====== Data under study

(* Let $d,T\ge 1$, let $0<b<c$, and let $x_1,\dots,x_T\in\mathbb{R}^d$ and $y_1,\dots,y_T\in\mathbb{R}$ be arbitrary. Assume the labels are bounded: $\sup_t |y_t|\le Y$ for some $Y\in\mathbb{R}$. Let $\hat y_1,\dots,\hat y_T$ be the predictions of the LASER algorithm (defined in the context). Then \[ \sum_{t=1}^T (y_t-\hat y_t)^2 \;\le\; \min_{u_1,\dots,u_T\in\mathbb{R}^d}\Big[\, b\|u_1\|^2 + c\sum_{t=1}^{T-1}\|u_t-u_{t+1}\|^2 + \sum_{t=1}^T (x_t^\top u_t - y_t)^2 \Big] \;+\; Y^2\sum_{t=1}^T x_t^\top D_t^{-1}x_t . \]
   Context: LASER algorithm: with parameters $0<b<c$, set $D_0=\frac{bc}{c-b}I\in\mathbb{R}^{d\times d}$ and $e_0=0\in\mathbb{R}^d$. For $t=1,\dots,T$: after receiving $x_t$, compute $D_t=\big(D_{t-1}^{-1}+c^{-1}I\big)^{-1}+x_tx_t^\top$; output the prediction $\hat y_t = x_t^\top D_t^{-1}\big(I+c^{-1}D_{t-1}\big)^{-1}e_{t-1}$; after receiving $y_t$, set $e_t=\big(I+c^{-1}D_{t-1}\big)^{-1}e_{t-1}+y_tx_t$. Here $I$ is the $d\times d$ identity and $\|\cdot\|$ the Euclidean norm. *)

From HB Require Import structures.
From mathcomp Require Import all_boot all_order all_algebra.
Set Implicit Arguments. Unset Strict Implicit. Unset Printing Implicit Defensive.
Import Order.TTheory GRing.Theory Num.Theory.
Local Open Scope ring_scope.

Section Laser.
Variables (R : realFieldType) (d : nat) (b c : R).
Variables (x : nat -> 'cV[R]_d) (y : nat -> R).
(* Time is indexed 1..T; index 0 holds the initial values D_0, e_0. *)

Fixpoint laserD (t : nat) : 'M[R]_d :=
  match t with
  | 0 => (b * c / (c - b))%:M
  | t'.+1 => invmx (invmx (laserD t') + c^-1%:M) + x t'.+1 *m (x t'.+1)^T
  end.

Fixpoint laserE (t : nat) : 'cV[R]_d :=
  match t with
  | 0 => 0
  | t'.+1 => invmx (1%:M + c^-1 *: laserD t') *m laserE t' + y t'.+1 *: x t'.+1
  end.

Definition laser_pred (t : nat) : R :=
  ((x t)^T *m invmx (laserD t) *m invmx (1%:M + c^-1 *: laserD t.-1)
      *m laserE t.-1) 0 0.
End Laser.

Definition sqnorm (R : realFieldType) (d : nat) (u : 'cV[R]_d) : R := (u^T *m u) 0 0.
Definition vdot (R : realFieldType) (d : nat) (u v : 'cV[R]_d) : R := (u^T *m v) 0 0.

From HB Require Import structures.
From mathcomp Require Import all_boot all_order all_algebra.
From mathcomp Require Import ring lra.
Import Order.TTheory GRing.Theory Num.Theory.
Local Open Scope ring_scope.
Set Implicit Arguments. Unset Strict Implicit. Unset Printing Implicit Defensive.

(* LASER is forward dynamic programming on the comparator loss. For the
   quadratic L_t(u) = u'D_t u - 2 e_t'u + r_t, the recursions for D_t and e_t say
   exactly that L_{t+1}(u) = min_u' (L_t(u') + c|u' - u|^2) + (x_{t+1}'u - y_{t+1})^2,
   and D_0 is chosen so that the first minimum is b|u|^2; hence L_T(u_T) is at most
   the regularised loss of the comparator. The prediction is x_{t+1}'w for an
   explicit w, and evaluating L_{t+1} at w yields
     (y_{t+1} - hat y_{t+1})^2 <= min L_{t+1} - min L_t + y_{t+1}^2 x_{t+1}'D_{t+1}^-1 x_{t+1},
   which telescopes from min L_0 = 0 to min L_T <= L_T(u_T). *)

Section InverseIdentities.
Variables (F : fieldType) (d : nat) (c : F) (A : 'M[F]_d).
Hypotheses (c_neq0 : c != 0) (A_unit : A \in unitmx) (Ac_unit : A + c%:M \in unitmx).

Lemma invmx_eq (B X : 'M[F]_d) : B *m X = 1%:M -> invmx B = X.
Proof.
move=> BX; have [B_unit _] := mulmx1_unit BX.
by rewrite -[invmx B]mulmx1 -BX mulmxA mulVmx // mul1mx.
Qed.

Lemma invmx_invD_scalar :
  invmx (invmx A + c^-1%:M) = c%:M - (c * c) *: invmx (A + c%:M).
Proof.
set Mi := invmx (A + c%:M); set iA := invmx A.
(* resolvent identity *)
have iA_split : iA = Mi + c *: (iA *m Mi).
  rewrite -{1}[iA]mulmx1 -(mulmxV Ac_unit) mulmxA mulmxDr mulVmx //.
  by rewrite mul_mx_scalar mulmxDl mul1mx -scalemxAl.
apply: invmx_eq.
rewrite mulmxDl !mulmxBr mul_mx_scalar -!scalemxAr mul_scalar_mx scale_scalar_mx.
rewrite mul_scalar_mx {1}iA_split.
by apply/matrixP => i j; rewrite !mxE; case: (i == j) => /=; field.
Qed.

Lemma invmx_1D_scale : invmx (1%:M + c^-1 *: A) = c *: invmx (A + c%:M).
Proof.
apply: invmx_eq.
have -> : 1%:M + c^-1 *: A = c^-1 *: (A + c%:M).
  by apply/matrixP => i j; rewrite !mxE; case: (i == j) => /=; field.
by rewrite -scalemxAl -scalemxAr scalerA mulVf // scale1r mulmxV.
Qed.

End InverseIdentities.

Section QuadraticForms.
Variables (R : realFieldType) (d : nat).
Implicit Types (u v z : 'cV[R]_d) (A B : 'M[R]_d).

Lemma vdotC u v : vdot u v = vdot v u.
Proof. by rewrite /vdot -{1}[u^T *m v]trmxK trmx_mul trmxK mxE. Qed.

Lemma vdotDl u1 u2 v : vdot (u1 + u2) v = vdot u1 v + vdot u2 v.
Proof. by rewrite /vdot linearD mulmxDl mxE. Qed.

Lemma vdotZl a u v : vdot (a *: u) v = a * vdot u v.
Proof. by rewrite /vdot linearZ -scalemxAl mxE. Qed.

Lemma vdotDr u v1 v2 : vdot u (v1 + v2) = vdot u v1 + vdot u v2.
Proof. by rewrite vdotC vdotDl !(vdotC _ u). Qed.

Lemma vdotZr a u v : vdot u (a *: v) = a * vdot u v.
Proof. by rewrite vdotC vdotZl vdotC. Qed.

Lemma vdotNl u v : vdot (- u) v = - vdot u v.
Proof. by rewrite -scaleN1r vdotZl mulN1r. Qed.

Lemma vdotNr u v : vdot u (- v) = - vdot u v.
Proof. by rewrite -scaleN1r vdotZr mulN1r. Qed.

Lemma vdotBl u1 u2 v : vdot (u1 - u2) v = vdot u1 v - vdot u2 v.
Proof. by rewrite vdotDl vdotNl. Qed.

Lemma vdotBr u v1 v2 : vdot u (v1 - v2) = vdot u v1 - vdot u v2.
Proof. by rewrite vdotDr vdotNr. Qed.

Lemma vdot0l v : vdot 0 v = 0.
Proof. by rewrite -(scale0r 0) vdotZl mul0r. Qed.

Lemma vdot_mulmxr u A v : vdot u (A *m v) = vdot (A^T *m u) v.
Proof. by rewrite /vdot trmx_mul trmxK mulmxA. Qed.

Lemma vdot_outer u (x : 'cV[R]_d) v :
  vdot u ((x *m x^T) *m v) = vdot u x * vdot x v.
Proof. by rewrite /vdot !mulmxA -(mulmxA (u^T *m x)) [in LHS]mxE big_ord1. Qed.

Lemma vdot_scalar_mx u (a : R) v : vdot u (a%:M *m v) = a * vdot u v.
Proof. by rewrite mul_scalar_mx vdotZr. Qed.

Lemma sqnorm_ge0 z : 0 <= sqnorm z.
Proof. by rewrite /sqnorm mxE sumr_ge0 // => i _; rewrite mxE -expr2 sqr_ge0. Qed.

Lemma sqnorm_gt0 z : z != 0 -> 0 < sqnorm z.
Proof.
move=> z_neq0; rewrite lt_def sqnorm_ge0 andbT; apply: contra z_neq0.
rewrite /sqnorm mxE psumr_eq0 => [/allP z0|i _]; last first.
  by rewrite mxE -expr2 sqr_ge0.
apply/eqP/matrixP => i j; rewrite (ord1 j) mxE.
move/eqP: (z0 i (mem_index_enum _)); rewrite !mxE => /eqP.
by rewrite mulf_eq0 orbb => /eqP.
Qed.

Definition posdef A := A^T = A /\ forall z, z != 0 -> 0 < vdot z (A *m z).
Definition posemidef A := A^T = A /\ forall z, 0 <= vdot z (A *m z).

Lemma posdef_form_ge0 A z : posdef A -> 0 <= vdot z (A *m z).
Proof.
case=> _ A_pos; have [->|z_neq0] := eqVneq z 0; first by rewrite vdot0l.
exact/ltW/A_pos.
Qed.

Lemma posdef_unit A : posdef A -> A \in unitmx.
Proof.
move=> [A_sym A_pos]; rewrite -row_free_unit -kermx_eq0.
apply/negPn/negP => /rowV0Pn [v /sub_kermxP vA0 v_neq0].
have vT_neq0 : v^T != 0.
  by apply: contra v_neq0 => /eqP vT0; rewrite -[v]trmxK vT0 linear0.
by have := A_pos _ vT_neq0; rewrite -A_sym -trmx_mul vA0 linear0 vdotC vdot0l ltxx.
Qed.

Lemma posdef_inv A : posdef A -> posdef (invmx A).
Proof.
move=> A_pd; have A_unit := posdef_unit A_pd; case: A_pd => A_sym A_pos.
split; first by rewrite trmx_inv A_sym.
move=> z z_neq0; set w := invmx A *m z.
have zE : z = A *m w by rewrite /w mulKVmx.
have w_neq0 : w != 0 by apply: contra z_neq0 => /eqP w0; rewrite zE w0 mulmx0.
by rewrite {1}zE vdotC; exact: A_pos.
Qed.

Lemma posdefD A B : posdef A -> posemidef B -> posdef (A + B).
Proof.
move=> [A_sym A_pos] [B_sym B_pos]; split; first by rewrite linearD /= A_sym B_sym.
by move=> z z_neq0; rewrite mulmxDl vdotDr (ltr_wpDr (B_pos z) (A_pos z z_neq0)).
Qed.

Lemma posdef_scalar_mx (a : R) : 0 < a -> posdef a%:M.
Proof.
move=> a_gt0; split; first by rewrite tr_scalar_mx.
by move=> z z_neq0; rewrite vdot_scalar_mx mulr_gt0 // sqnorm_gt0.
Qed.

Lemma posemidef_scalar_mx (a : R) : 0 <= a -> posemidef a%:M.
Proof.
move=> a_ge0; split; first by rewrite tr_scalar_mx.
by move=> z; rewrite vdot_scalar_mx mulr_ge0 // sqnorm_ge0.
Qed.

Lemma posemidef_outer (x : 'cV[R]_d) : posemidef (x *m x^T).
Proof.
split; first by rewrite trmx_mul trmxK.
by move=> z; rewrite vdot_outer vdotC -expr2 sqr_ge0.
Qed.

Lemma vdot_complete_square A u v : posdef A ->
  vdot u (A *m u) - 2 * vdot v u
  = - vdot v (invmx A *m v) + vdot (u - invmx A *m v) (A *m (u - invmx A *m v)).
Proof.
move=> A_pd; have A_unit := posdef_unit A_pd; have [A_sym _] := A_pd.
rewrite mulmxBr mulKVmx // !(vdotBl, vdotBr).
rewrite (vdot_mulmxr (invmx A *m v)) A_sym mulKVmx // (vdotC u v).
by rewrite (vdotC (invmx A *m v) v); ring.
Qed.

End QuadraticForms.

Section Laser.
Variables (R : realFieldType) (d : nat) (b c : R).
Variables (x : nat -> 'cV[R]_d) (y : nat -> R).
Hypotheses (b_gt0 : 0 < b) (b_lt_c : b < c).

Local Notation D := (laserD b c x).
Local Notation E := (laserE b c x y).

Let c_gt0 : 0 < c. Proof. exact: lt_trans b_lt_c. Qed.

Lemma laserD_posdef t : posdef (D t).
Proof.
elim: t => [|t IH] /=.
  by apply: posdef_scalar_mx; rewrite divr_gt0 ?mulr_gt0 ?subr_gt0.
apply: posdefD (posemidef_outer _); apply/posdef_inv/posdefD; first exact: posdef_inv.
by apply: posemidef_scalar_mx; rewrite invr_ge0 ltW.
Qed.

Lemma laserDc_posdef t : posdef (D t + c%:M).
Proof. by apply: posdefD (laserD_posdef t) _; apply: posemidef_scalar_mx; rewrite ltW. Qed.

Lemma laserD_succ t :
  D t.+1 = c%:M - (c * c) *: invmx (D t + c%:M) + x t.+1 *m (x t.+1)^T.
Proof.
rewrite /= invmx_invD_scalar ?gt_eqF //.
  exact/posdef_unit/laserD_posdef.
exact/posdef_unit/laserDc_posdef.
Qed.

Lemma laserE_succ t :
  E t.+1 = c *: (invmx (D t + c%:M) *m E t) + y t.+1 *: x t.+1.
Proof.
by rewrite /= invmx_1D_scale -?scalemxAl ?gt_eqF //; apply/posdef_unit/laserDc_posdef.
Qed.

Fixpoint laser_const t : R :=
  match t with
  | 0 => 0
  | s.+1 => laser_const s - vdot (E s) (invmx (D s + c%:M) *m E s) + y s.+1 ^+ 2
  end.

Definition laser_cost t u := vdot u (D t *m u) - 2 * vdot (E t) u + laser_const t.

Definition laser_min_cost t := laser_const t - vdot (E t) (invmx (D t) *m E t).

(* The closed form of min_u' laser_cost t u' + c * sqnorm (u' - u). *)
Definition laser_drift_cost t u := laser_const t + c * sqnorm u
  - vdot (E t + c *: u) (invmx (D t + c%:M) *m (E t + c *: u)).

Lemma laser_cost_min_cost t u :
  laser_cost t u = laser_min_cost t
    + vdot (u - invmx (D t) *m E t) (D t *m (u - invmx (D t) *m E t)).
Proof.
have := vdot_complete_square u (E t) (laserD_posdef t).
by rewrite /laser_cost /laser_min_cost => ->; ring.
Qed.

Lemma laser_min_cost_le t u : laser_min_cost t <= laser_cost t u.
Proof. by rewrite laser_cost_min_cost lerDl; apply/posdef_form_ge0/laserD_posdef. Qed.

Lemma laser_cost_drift t u u' :
  laser_cost t u' + c * sqnorm (u' - u) = laser_drift_cost t u
    + vdot (u' - invmx (D t + c%:M) *m (E t + c *: u))
        ((D t + c%:M) *m (u' - invmx (D t + c%:M) *m (E t + c *: u))).
Proof.
have := vdot_complete_square u' (E t + c *: u) (laserDc_posdef t).
rewrite /laser_cost /laser_drift_cost /sqnorm -!/(vdot _ _).
set q := vdot (u' - invmx _ *m _) _; set r := vdot (E t + c *: u) (invmx _ *m _).
clearbody q r.
rewrite mulmxDl (vdotDr u' (D t *m u')) vdot_scalar_mx vdotDl vdotZl vdotBl !vdotBr.
rewrite (vdotC (E t)) (vdotC u) => sq.
have -> : q = (- r + q) + r by ring.
by rewrite -sq; ring.
Qed.

Lemma laser_drift_cost_le t u u' :
  laser_drift_cost t u <= laser_cost t u' + c * sqnorm (u' - u).
Proof. by rewrite laser_cost_drift lerDl; apply/posdef_form_ge0/laserDc_posdef. Qed.

Lemma laser_min_cost_le_drift t u : laser_min_cost t <= laser_drift_cost t u.
Proof.
set u' := invmx (D t + c%:M) *m (E t + c *: u).
have := laser_cost_drift t u u'; rewrite subrr vdot0l addr0 => <-.
apply: le_trans (laser_min_cost_le t u') _.
by rewrite lerDl mulr_ge0 ?sqnorm_ge0 ?ltW.
Qed.

Lemma laser_cost_succ t u :
  laser_cost t.+1 u = laser_drift_cost t u + (vdot (x t.+1) u - y t.+1) ^+ 2.
Proof.
have Mi_sym : (invmx (D t + c%:M))^T = invmx (D t + c%:M).
  by case: (posdef_inv (laserDc_posdef t)).
rewrite /laser_cost /laser_drift_cost laserD_succ laserE_succ /= /sqnorm -!/(vdot _ _).
rewrite !(mulmxDl, mulmxBl, mulmxDr, vdot_outer, vdot_scalar_mx, vdotDl, vdotDr,
  vdotBr, vdotZl, vdotZr, mulNmx, vdotNr) -scalemxAl -scalemxAr !vdotZr.
rewrite (vdotC (_ *m E t) u) (vdot_mulmxr u _ (E t)) Mi_sym (vdotC _ (E t)).
by rewrite (vdotC u (x t.+1)); ring.
Qed.

Lemma laser_min_cost0 : laser_min_cost 0 = 0.
Proof. by rewrite /laser_min_cost /= vdot0l subr0. Qed.

Lemma laser_drift_cost0 u : laser_drift_cost 0 u = b * sqnorm u.
Proof.
have cb_neq0 : c - b != 0 by rewrite subr_eq0 gt_eqF.
have c_neq0 : c != 0 by rewrite gt_eqF.
rewrite /laser_drift_cost /= add0r -raddfD /=.
have -> : b * c / (c - b) + c = c ^+ 2 / (c - b) by field.
rewrite invmx_scalar vdot_scalar_mx.
by rewrite /sqnorm -/(vdot _ _) add0r vdotZl vdotZr; field; apply/andP.
Qed.

Lemma laser_pred_vdot t :
  laser_pred b c x y t.+1
  = vdot (x t.+1) (invmx (D t.+1) *m (invmx (1%:M + c^-1 *: D t) *m E t)).
Proof. by rewrite /laser_pred /vdot !mulmxA. Qed.

Lemma laser_loss_le t :
  (y t.+1 - laser_pred b c x y t.+1) ^+ 2 <= laser_min_cost t.+1 - laser_min_cost t
    + y t.+1 ^+ 2 * vdot (x t.+1) (invmx (D t.+1) *m x t.+1).
Proof.
have D_unit := posdef_unit (laserD_posdef t.+1).
set w := invmx (D t.+1) *m (invmx (1%:M + c^-1 *: D t) *m E t).
(* w differs from the minimiser D_{t+1}^-1 e_{t+1} by -y_{t+1} D_{t+1}^-1 x_{t+1}. *)
have cost_w : laser_cost t.+1 w = laser_min_cost t.+1
    + y t.+1 ^+ 2 * vdot (x t.+1) (invmx (D t.+1) *m x t.+1).
  rewrite laser_cost_min_cost [E t.+1]/= mulmxDr -scalemxAr -/w opprD addNKr.
  rewrite mulmxN -scalemxAr mulKVmx // vdotNl vdotNr vdotZl vdotZr opprK.
  by rewrite (vdotC _ (x t.+1)) expr2 mulrA.
have := laser_cost_succ t w; rewrite cost_w laser_pred_vdot -/w.
have := laser_min_cost_le_drift t w.
by rewrite -(sqrrN (_ - _)) opprB; lra.
Qed.

Lemma laser_loss_sum N :
  \sum_(1 <= t < N.+1) (y t - laser_pred b c x y t) ^+ 2
  <= laser_min_cost N
     + \sum_(1 <= t < N.+1) y t ^+ 2 * vdot (x t) (invmx (D t) *m x t).
Proof.
elim: N => [|N IH]; first by rewrite !big_geq // laser_min_cost0 addr0.
by have := laser_loss_le N; rewrite !(big_nat_recr N.+1) //=; lra.
Qed.

Lemma laser_cost_le_comparator (u : nat -> 'cV[R]_d) N :
  laser_cost N.+1 (u N.+1)
  <= b * sqnorm (u 1%N) + c * \sum_(1 <= t < N.+1) sqnorm (u t - u t.+1)
     + \sum_(1 <= t < N.+2) (vdot (x t) (u t) - y t) ^+ 2.
Proof.
elim: N => [|N IH].
  by rewrite laser_cost_succ laser_drift_cost0 big_geq // big_nat1 mulr0 addr0.
rewrite laser_cost_succ (big_nat_recr N.+1) // (big_nat_recr N.+2) //= mulrDr.
by have := laser_drift_cost_le N.+1 (u N.+2) (u N.+1); lra.
Qed.

Lemma laser_leverage_ge0 t : 0 <= vdot (x t) (invmx (D t) *m x t).
Proof. exact/posdef_form_ge0/posdef_inv/laserD_posdef. Qed.

End Laser.

Theorem theorem4 (R : realFieldType) (d T : nat) (b c Y : R)
  (x : nat -> 'cV[R]_d) (y : nat -> R) :
  (1 <= d)%N -> (1 <= T)%N -> 0 < b -> b < c ->
  (forall t, (1 <= t <= T)%N -> `|y t| <= Y) ->
  forall u : nat -> 'cV[R]_d,
    \sum_(1 <= t < T.+1) (y t - laser_pred b c x y t) ^+ 2
    <= b * sqnorm (u 1%N)
       + c * \sum_(1 <= t < T) sqnorm (u t - u t.+1)
       + \sum_(1 <= t < T.+1) (vdot (x t) (u t) - y t) ^+ 2
       + Y ^+ 2 * \sum_(1 <= t < T.+1) vdot (x t) (invmx (laserD b c x t) *m x t).
Proof.
move=> _; case: T => [//|T] _ b_gt0 b_lt_c y_le u.
have loss := laser_loss_sum x y b_gt0 b_lt_c T.+1.
have min_le := laser_min_cost_le x y b_gt0 b_lt_c T.+1 (u T.+1).
have comparator := laser_cost_le_comparator x y b_gt0 b_lt_c u T.
have labels : \sum_(1 <= t < T.+2) y t ^+ 2 * vdot (x t) (invmx (laserD b c x t) *m x t)
    <= Y ^+ 2 * \sum_(1 <= t < T.+2) vdot (x t) (invmx (laserD b c x t) *m x t).
  rewrite mulr_sumr; apply: ler_sum_nat => t t_range.
  rewrite ler_wpM2r ?laser_leverage_ge0 //.
  by have := y_le t t_range; rewrite ler_norml => /andP[]; nra.
lra.
Qed.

============

__Required action__: In the listing above, find the line containing "Lemma laser_drift_cost_le t" and the line containing "set u' := invmx", then repeat those two lines and everything between them exactly.

__Task output__:
Lemma laser_drift_cost_le t u u' :
  laser_drift_cost t u <= laser_cost t u' + c * sqnorm (u' - u).
Proof. by rewrite laser_cost_drift lerDl; apply/posdef_form_ge0/laserDc_posdef. Qed.

Lemma laser_min_cost_le_drift t u : laser_min_cost t <= laser_drift_cost t u.
Proof.
set u' := invmx (D t + c%:M) *m (E t + c *: u).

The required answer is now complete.